### DIRECTIONS:
Which lines in the listing below contain the word "unfold"? Copy each one.

### INPUT DATA:

Lemma exists_orthogonal_aligned {n} (a b : 'cV[R]_n) :
  let A := Num.sqrt (\sum_i a i 0 ^+ 2) in let B := Num.sqrt (\sum_i b i 0 ^+ 2) in
  exists U : 'M[R]_n, U^T *m U = 1%:M /\
    forall i, (B * (U *m a) i 0) ^+ 2 = (A * (U *m b) i 0) ^+ 2.
Proof.
move=> A B; case: n a b @A @B => [|n] a b A B.
  by exists 1%:M; split=> [|[]//]; rewrite trmx1 mulmx1.
have [U UU Uw] := exists_orthogonal_axis (B *: a - A *: b).
(* Off the first axis B (U a)_i = A (U b)_i; as both sides have sum of
   squares A^2 B^2, the first coordinates agree up to sign as well. *)
exists U; split=> //; apply: (@sqr_eq_of_sumsq_eq _ _ _ _ 0).
  rewrite !(sumsqZ predT) !sumsq_orthogonal // !sqr_sqrtr ?sumsq_ge0 //.
  by rewrite /A /B mulrC.
move=> i /Uw; rewrite mulmxBr -!scalemxAr !mxE => /eqP.
by rewrite subr_eq0 => /eqP.
Qed.

End Alignment.

Section Frames.
Context {R : realType} {N : nat}.
Implicit Types (x y z f : 'rV[R]_N).

Lemma dotvC x y : dotv x y = dotv y x.
Proof. by apply: eq_bigr => i _; rewrite mulrC. Qed.

Lemma dotvDl x y f : dotv (x + y) f = dotv x f + dotv y f.
Proof. by rewrite /dotv -big_split; apply: eq_bigr => i _; rewrite mxE mulrDl. Qed.

Lemma dotvZl c x f : dotv (c *: x) f = c * dotv x f.
Proof. by rewrite /dotv mulr_sumr; apply: eq_bigr => i _; rewrite mxE mulrA. Qed.

Lemma dotvNl x f : dotv (- x) f = - dotv x f.
Proof. by rewrite -scaleN1r dotvZl mulN1r. Qed.

Lemma dotvBl x y f : dotv (x - y) f = dotv x f - dotv y f.
Proof. by rewrite dotvDl dotvNl. Qed.
(* Let $X$ be a compact metric countable space and $f:X\to X$ a continuous function such that every accumulation point of $X$ is a fixed point of $f$. For every accumulation point $a$ of $X$, the following are equivalent: (1) there is $p\in\mathbb N^*$ such that $f^p$ is discontinuous at $a$; (2) there are a periodic point $b\in X\setminus\{a\}$ and a sequence $(a_n)_{n\in\mathbb N}$ in $X$ such that $a_n\to a$ and $b\in\overline{\mathcal O_f(a_n)}$ for all $n\in\mathbb N$; (3) $f^p$ is discontinuous at $a$ for every $p\in\mathbb N^*$.
   Context: $\mathbb N^*$ denotes the set of free ultrafilters on $\mathbb N$. For $p\in\mathbb N^*$ and a sequence $(x_n)$ in $X$, $x=p\text{-}\lim_{n\to\infty}x_n$ means that for every neighborhood $V$ of $x$, $\{n\in\mathbb N: x_n\in V\}\in p$. The $p$-iterate of $f$ is the function $f^p:X\to X$, $f^p(x)=p\text{-}\lim_{n\to\infty}f^n(x)$. The orbit of $x$ is $\mathcal O_f(x)=\{f^n(x):n\in\mathbb N\}$. A point $x$ is periodic if $f^n(x)=x$ for some $n\ge1$. An accumulation point of $X$ is a non-isolated point. *)

From HB Require Import structures.
From mathcomp Require Import all_boot all_order all_algebra.
From mathcomp Require Import all_classical all_reals all_analysis.
Set Implicit Arguments. Unset Strict Implicit. Unset Printing Implicit Defensive.
Import Order.TTheory GRing.Theory Num.Theory.
Local Open Scope classical_set_scope.

Definition free_ultrafilter (p : set_system nat) : Prop :=
  UltraFilter p /\ (forall A : set nat, finite_set A -> ~ p A).

Section PIterate.
Variable X : topologicalType.

Definition is_plim (p : set_system nat) (x : nat -> X) (l : X) : Prop :=
  forall V : set X, nbhs l V -> p [set n | V (x n)].

(* The p-iterate f^p(x) = p-lim f^n(x) (a chosen p-limit; it exists and is
   unique in a compact Hausdorff space; the default x is never used there). *)
Definition piterate (f : X -> X) (p : set_system nat) (x : X) : X :=
  xget x [set l | is_plim p (fun n => iter n f x) l].

Definition forbit (f : X -> X) (x : X) : set X := [set iter n f x | n in [set: nat]].

Definition periodic_point (f : X -> X) (x : X) : Prop :=
  exists n, (0 < n)%N /\ iter n f x = x.
Lemma is_derive_asin_affine a b x : a < x < b ->
  is_derive (fun t => asin ((2 * t - a - b) / (b - a))) x (/ sqrt ((x - a) * (b - x))).
Proof.
  intros Hx.
  set (u := (2 * x - a - b) / (b - a)).
  assert (Hu : -1 < u < 1)
    by (unfold u; split; [apply Rlt_div_r | apply Rlt_div_l]; lra).
  assert (HD : 0 < (x - a) * (b - x)) by nra.
  assert (Hsqrt : sqrt (1 - u ^ 2) = 2 * sqrt ((x - a) * (b - x)) / (b - a)).
  { rewrite <- (sqrt_pow2 (2 * sqrt ((x - a) * (b - x)) / (b - a))).
    - f_equal. unfold Rdiv. rewrite !Rpow_mult_distr, pow2_sqrt by lra.
      unfold u. field. lra.
    - apply Rdiv_le_0_compat; [apply Rmult_le_pos, sqrt_pos |]; lra. }
  assert (Hinner : is_derive (fun t => (2 * t - a - b) / (b - a)) x (2 / (b - a)))
    by (auto_derive; [lra | field; lra]).
  pose proof (is_derive_comp asin (fun t => (2 * t - a - b) / (b - a)) x _ _
    (is_derive_asin u Hu) Hinner) as H.
  replace (/ sqrt ((x - a) * (b - x))) with (scal (2 / (b - a)) (/ sqrt (1 - u ^ 2))).
  - exact H.
  - rewrite Hsqrt. assert (0 < sqrt ((x - a) * (b - x))) by (apply sqrt_lt_R0; lra).
    unfold scal; simpl; unfold mult; simpl. field. lra.
Qed.

Lemma inv_sqrt_continuous a b x : a < x < b ->
  continuous (fun t => / sqrt ((t - a) * (b - t))) x.
Proof.
  intros Hx. assert (Hsqrt : 0 < sqrt ((x - a) * (b - x))) by (apply sqrt_lt_R0; nra).
  apply (ex_derive_continuous (fun t => / sqrt ((t - a) * (b - t)))).
  auto_derive. unfold Rminus in Hsqrt. split; [nra | split; [lra | exact I]].
Qed.

Lemma RInt_inv_sqrt_le_PI a b u v : a < u -> u <= v -> v < b ->
  RInt (fun x => / sqrt ((x - a) * (b - x))) u v <= PI.
Proof.
  intros Hu Huv Hv.
  rewrite (is_RInt_unique _ u v _ (is_RInt_derive (fun t => asin ((2 * t - a - b) / (b - a))) _ u v
    ltac:(rewrite Rmin_left, Rmax_right by lra; intros x Hx; apply is_derive_asin_affine; lra)
    ltac:(rewrite Rmin_left, Rmax_right by lra; intros x Hx; apply inv_sqrt_continuous; lra))).
  pose proof (asin_bound ((2 * u - a - b) / (b - a))).
  pose proof (asin_bound ((2 * v - a - b) / (b - a))).
  unfold minus, plus, opp; simpl. lra.
Qed.

Section NonnegImproperIntegral.

Variables (f : R -> R) (a b : R).
Hypothesis f_continuous : forall x, a < x < b -> continuous f x.
Hypothesis f_nonneg : forall x, a < x < b -> 0 <= f x.

Lemma ex_RInt_inner u v : a < u -> u <= v -> v < b -> ex_RInt f u v.
Proof.
  intros Hu Huv Hv. apply (ex_RInt_continuous f).
  rewrite Rmin_left, Rmax_right by lra. intros x Hx. apply f_continuous. lra.
Qed.

Lemma RInt_inner_monotone u u' v' v : a < u -> u <= u' -> u' <= v' -> v' <= v -> v < b ->
  RInt f u' v' <= RInt f u v.
Proof.
  intros.
  rewrite <- (RInt_Chasles f u u' v), <- (RInt_Chasles f u' v' v)
    by (apply ex_RInt_inner; lra).
  assert (0 <= RInt f u u')
    by (apply RInt_ge_0; [lra | apply ex_RInt_inner; lra | intros; apply f_nonneg; lra]).
  assert (0 <= RInt f v' v)
    by (apply RInt_ge_0; [lra | apply ex_RInt_inner; lra | intros; apply f_nonneg; lra]).
  unfold plus; simpl. lra.
Qed.

(* The improper integral is the supremum of the integrals over compact subintervals. *)
Lemma is_RInt_gen_nonneg_bounded (B : R) : a < b ->
  (forall u v, a < u -> u <= v -> v < b -> RInt f u v <= B) ->
  exists l, is_RInt_gen f (at_right a) (at_left b) l /\ l <= B.
Proof.
  intros Hab HB.
  set (E := fun w => exists u v, a < u /\ u <= v /\ v < b /\ w = RInt f u v).
  assert (HEB : is_upper_bound E B) by (intros w (u & v & Hu & Huv & Hv & ->); auto).
  assert (HE : exists w, E w)
    by (exists (RInt f ((a + b) / 2) ((a + b) / 2)), ((a + b) / 2), ((a + b) / 2); lra).
  destruct (completeness E (ex_intro _ B HEB) HE) as [l [Hub Hlub]].
  exists l. split; [| apply Hlub, HEB].
  intros P [eps HP]. unfold filtermapi.
  assert (Hnear : exists w, E w /\ l - eps < w).
  { apply NNPP. intros Hno.
    assert (Hub' : is_upper_bound E (l - eps))
      by (intros w Hw; apply Rnot_lt_le; intros Hlt; apply Hno; exists w; auto).
    pose proof (Hlub _ Hub'). destruct eps as [e He]; simpl in *. lra. }
  destruct Hnear as [w [(u0 & v0 & Hu0 & Huv0 & Hv0 & ->) Hw]].
  apply Filter_prod with (Q := fun u => a < u <= u0) (R := fun v => v0 <= v < b).
  - assert (Hd : 0 < u0 - a) by lra.
    exists (mkposreal _ Hd). intros y Hy Hay.
    change (Rabs (y - a) < u0 - a) in Hy. apply Rabs_def2 in Hy. lra.
  - assert (Hd : 0 < b - v0) by lra.
    exists (mkposreal _ Hd). intros y Hy Hyb.
    change (Rabs (y - b) < b - v0) in Hy. apply Rabs_def2 in Hy. lra.
  - intros u v [Hu1 Hu2] [Hv1 Hv2]. simpl.
    exists (RInt f u v). split; [apply (RInt_correct f), ex_RInt_inner; lra |].
    apply HP. change (Rabs (RInt f u v - l) < eps).
    assert (RInt f u v <= l) by (apply Hub; exists u, v; repeat split; lra).
    assert (RInt f u0 v0 <= RInt f u v) by (apply RInt_inner_monotone; lra).
    apply Rabs_def1; lra.
Qed.

End NonnegImproperIntegral.
Lemma rebase_offset G s p : 0 < n -> periodic G ->
  forall t, G (p + t) = rebase G s (n - s %% n + p + t).
Proof. by move=> n_gt0 HG t; apply: (periodicE HG); rewrite -addnA addn_rebase_mod. Qed.

Lemma secure_unrebase G s : 0 < n -> periodic G -> secure_seq (rebase G s) -> secure_seq G.
Proof.
move=> n_gt0 HG Hs p m F; have E := rebase_offset s p n_gt0 HG.
have := Hs (n - s %% n + p) m; rewrite -[p in dist (G p)]addn0 E addn0; apply.
by move=> t /F; rewrite E.
Qed.

Lemma secure_seq_from_period G : 0 < n -> periodic G ->
  (forall p m, p < n -> followers G p m -> dist (G p) + m <= N) -> secure_seq G.
Proof.
move=> n_gt0 HG small p m F; have E t : G (p + t) = G (p %% n + t).
  by apply: (periodicE HG); rewrite modnDml.
rewrite (periodic_mod p HG); apply: small; first by rewrite ltn_mod.
by move=> t /F; rewrite E.
Qed.

End Sequences.

Section Step.
Variables (N n : nat) (G G' : nat -> State N) (q : nat).
Hypotheses (n_gt1 : 1 < n) (n_le_N : n <= N) (q_lt_n : q < n).
Hypotheses (G_periodic : periodic n G) (G_step : seq_step n G G' q).
Hypotheses (G_secure : secure_seq G) (G_modest : modest_bullets G).

Local Notation l := (G q).
Local Notation r := (G q.+1).
Local Notation l' := (delta (G q) (G q.+1)).1.
Local Notation r' := (delta (G q) (G q.+1)).2.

### EXERCISE RESPONSE:
    by (unfold u; split; [apply Rlt_div_r | apply Rlt_div_l]; lra).
    - f_equal. unfold Rdiv. rewrite !Rpow_mult_distr, pow2_sqrt by lra.
      unfold u. field. lra.
    unfold scal; simpl; unfold mult; simpl. field. lra.
  auto_derive. unfold Rminus in Hsqrt. split; [nra | split; [lra | exact I]].
  unfold minus, plus, opp; simpl. lra.
  unfold plus; simpl. lra.
  intros P [eps HP]. unfold filtermapi.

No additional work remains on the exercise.